20 - Was James Moriarty the best CMO Ever?


“He is the Napoleon of crime, Watson. He is the organizer of half that is evil and of nearly all that is undetected in this great city, He is a genius, a philosopher, an abstract thinker. He has a brain of the first order. He sits motionless, like a spider in the center of its web, but that web has a thousand radiations, and he knows well every quiver of each of them..”

Now hold on…not for a minute am I suggesting that CMOs follow the nefarious actions of the fictitious master criminal but there are parallels between how Conan Doyle visualized Moriarty running his underground organization and the expectations stacked up against modern marketers. Before we get into that, Moriarty had an absolutely unique position in the annals of crime – he was -A criminal consultant much like Sherlock himself –the world’s first consulting detective. Like Holmes expounds Moriarty’s role–“He does little himself. He only plans.”

 Now to the common traits between the fictitious criminal master mind’s organization and a Modern marketing organization. Moriarty was an assignment based consultant – a Napoleon of crime.

1) He delivered the blue print for the “finalized approach” –(pun intended) to execute an assignment –end to end. –“.First he would content himself by using his machinery in order to find their victim. Then he would indicate how the matter might be treated. Finally, when he read in the reports of the failure of this agent, he would step in himself with a master touch. “ –The Valley of Fear - Think Customer Lifecycle.

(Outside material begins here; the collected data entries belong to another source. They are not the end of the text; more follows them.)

Lemma qcycle_vanish1_below_succ k : (0 < k)%N -> p 1%N 0%N 1%N ^+ k != 1 ->
  vanish1_below n p k.+1 -> vanish1_below n d k.+1 ->
  vanish1_below n p k.+2 /\ vanish1_below n d k.+2.
Proof.
move=> pos_k qk_neq1 vanish_p vanish_d; have [q_neq0 _] := qcycle_p101_d101_neq0.
have top_eq0 (X : K) i j : (i + j = k.+1)%N ->
    X * p 1%N 0%N 1%N = p 1%N 0%N 1%N ^+ i * p 1%N 0%N 1%N ^+ j * X -> X = 0.
  by move=> ij_k1; rewrite -exprD ij_k1; apply: eq0_of_mul_exprS.
have vanish_succ (m : lmap K) : vanish1_below n m k.+1 ->
    (forall i j, (i < n)%N -> (j < n)%N -> (0 < j)%N -> (i + j = k.+1)%N -> m i j 1%N = 0) ->
    vanish1_below n m k.+2.
  move=> vanish_m top_m i j lt_in lt_jn pos_j.
  by rewrite ltnS leq_eqVlt => /orP[/eqP | ]; [exact: top_m | exact: vanish_m].
have lt1k : (1 < k.+1)%N by lia.
split; apply: vanish_succ => // i j lt_in lt_jn pos_j ij_k1; apply: (top_eq0 _ i j ij_k1).
  rewrite -(comp_coef_antidiag n_gt1 p_morph d_morph vanish_p vanish_p vanish_d) //.
  rewrite qcycle1_coef1 // (comp_coef_diag n_gt1 p_morph p_morph) ?ij_k1 //.
  by rewrite (coalg_morph_top0 n_gt1 p_morph lt_in) (coalg_morph_top0 n_gt1 p_morph lt_jn).
rewrite -(comp_coef_antidiag n_gt1 d_morph d_morph vanish_p vanish_d vanish_d) //.
rewrite -qcycle2_coef1 // (comp_coef_diag n_gt1 p_morph p_morph) ?ij_k1 //.
by rewrite (coalg_morph_top0 n_gt1 p_morph lt_in) (coalg_morph_top0 n_gt1 p_morph lt_jn).
Qed.

Lemma qcycle_vanish1_below s : [pchar K] =i pred0 -> (1 <= s)%N ->
  (forall r, (0 < r < s)%N -> p 1%N 0%N 1%N ^+ r != 1) ->
  vanish1_below n p s.+1 /\ vanish1_below n d s.+1.
Proof.
move=> char0; elim: s => [//|s IHs] _ q_ne1; have [p101_neq0 d101_neq0] := qcycle_p101_d101_neq0.
case: (posnP s) => [-> | pos_s].
  by split; apply: coalg_morph_vanish1_below2.
have [vanish_p vanish_d] : vanish1_below n p s.+1 /\ vanish1_below n d s.+1.
  by apply: IHs => // r /andP[pos_r lt_rs]; apply: q_ne1; lia.
by apply: qcycle_vanish1_below_succ => //; apply: q_ne1; lia.
Qed.

Lemma qcycle_d_i01_recursion i : (0 < i)%N -> (i < n)%N ->
  d i 0%N 1%N * (p 1%N 0%N 1%N - p i 0%N i) =
  \sum_(1 <= h < i) p i 0%N h * d h 0%N 1%N - \sum_(2 <= h < i.+1) d i 0%N h * p h 0%N 1%N.
Proof.
move=> pos_i lt_in; have := qcycle2_coef1 lt_in n_gt0.
rewrite big_ord1 /= sub0n !(comp_coef_r00 n_gt1) //.
rewrite (coalg_morph_sum_i0 n_gt1 p_morph (fun x => d x 0%N 1%N)) //.
rewrite (coalg_morph_sum_i0 n_gt1 d_morph (fun x => p x 0%N 1%N)) //.
rewrite big_nat_recr // [in RHS]big_ltn //= => sums_eq.
by rewrite -[X in _ = X - _](addrK (p i 0%N i * d i 0%N 1%N)) sums_eq; ring.
Qed.

End QCycle.

Unset Implicit Arguments.

Theorem theorem6p1 (K : closedFieldType) (n : nat) (p d : lmap K) (s : nat) :
  [pchar K] =i pred0 -> (1 < n)%N ->
  regular_qcycle n p d ->
  (1 <= s)%N ->
  (forall r : nat, (0 < r < s)%N -> (p 1%N 0%N 1%N) ^+ r != 1) ->
  (forall i j k : nat, (i < n)%N -> (j < n)%N -> (k < n)%N ->
     i != 0%N -> j != 0%N -> (i + j <= s)%N ->
     p i j k = 0 /\ d i j k = 0) /\
  (forall i : nat, (1 < i)%N -> (i <= s)%N -> (i < n)%N ->
     p 1 0 1 - p i 0 i != 0 /\
     d i 0 1 * (p 1 0 1 - p i 0 i) =
       \sum_(1 <= h < i) p i 0 h * d h 0 1
       - \sum_(2 <= h < i.+1) d i 0 h * p h 0 1).
Proof.
move=> char0 n_gt1 pd_qcycle s_ge1 q_ne1.
have [p_morph [d_morph _]] := pd_qcycle.1.
have [vanish_p vanish_d] := qcycle_vanish1_below n_gt1 pd_qcycle char0 s_ge1 q_ne1.
(* The first claim does not need i <> 0. *)
split=> [i j k lt_in lt_jn lt_kn _ j_neq0 le_ijs | i gt1_i le_is lt_in].
  have pos_j : (0 < j)%N by rewrite lt0n.
  by split; [apply: (coalg_morph_vanish_below n_gt1 p_morph vanish_p) |
             apply: (coalg_morph_vanish_below n_gt1 d_morph vanish_d)].
split; last exact: (qcycle_d_i01_recursion n_gt1 pd_qcycle (ltnW gt1_i) lt_in).
have [p101_neq0 _] := qcycle_p101_d101_neq0 n_gt1 pd_qcycle.
rewrite (coalg_morph_top0 n_gt1 p_morph lt_in) -(prednK (ltnW gt1_i)) exprS.
rewrite -{1}(mulr1 (p _ _ _)) -mulrBr mulf_neq0 //.
by rewrite subr_eq0 eq_sym q_ne1 //; lia.
Qed.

2)He allocated, hand picked the right tools, people and skills to bring the assignment to closure.-“Ha! It came like that, did it?” said Holmes, thoughtfully. “Well, I've no doubt it was well stage-managed. There is a master hand here. It is no case of sawed-off shot-guns and clumsy six-shooters. You can tell an old master by the sweep of his brush. I can tell a Moriarty when I see one. .” –The Valley of Fear. 
 Think Mature Marketing Technology, Cross Channel and Personalization.

3)He innovated constantly -“The old shikari’s nerves have not lost their steadiness nor his eyes their keenness. A soft revolver bullet, as you perceive, Watson. There’s genius in that, for who would expect to find such a thing fired from an air-gun.” Adventure of the Empty House. Think Send Time Optimization, Geo Fencing and Predictive marketing.

4)He always knew where and how to get to his target.-"You will get no worse than your deserts from      that, Mr. Douglas. But I would ask you how did this man know that you lived here, or how to get into your house, or where to hide to get you?” The Tragedy at BirlStone. Think Behavioural Targeting & Omni Channel.

5)Finally, a word about Mycroft Holmes “The conclusions of every department are passed to him, and   he is the central exchange, the clearinghouse, which makes out the balance. All other men are specialists, but his specialism is omniscience.” –The Adventure of the Bruce-Partington Plans. Think Integrating Brands and Business Strategy across Sales, Service and Operations.

In summary, the CMO is now a C-Suite operator who is responsible for corporate customer interactions across myriad functions and direct the ebb, flow, context and relevancy of those responses.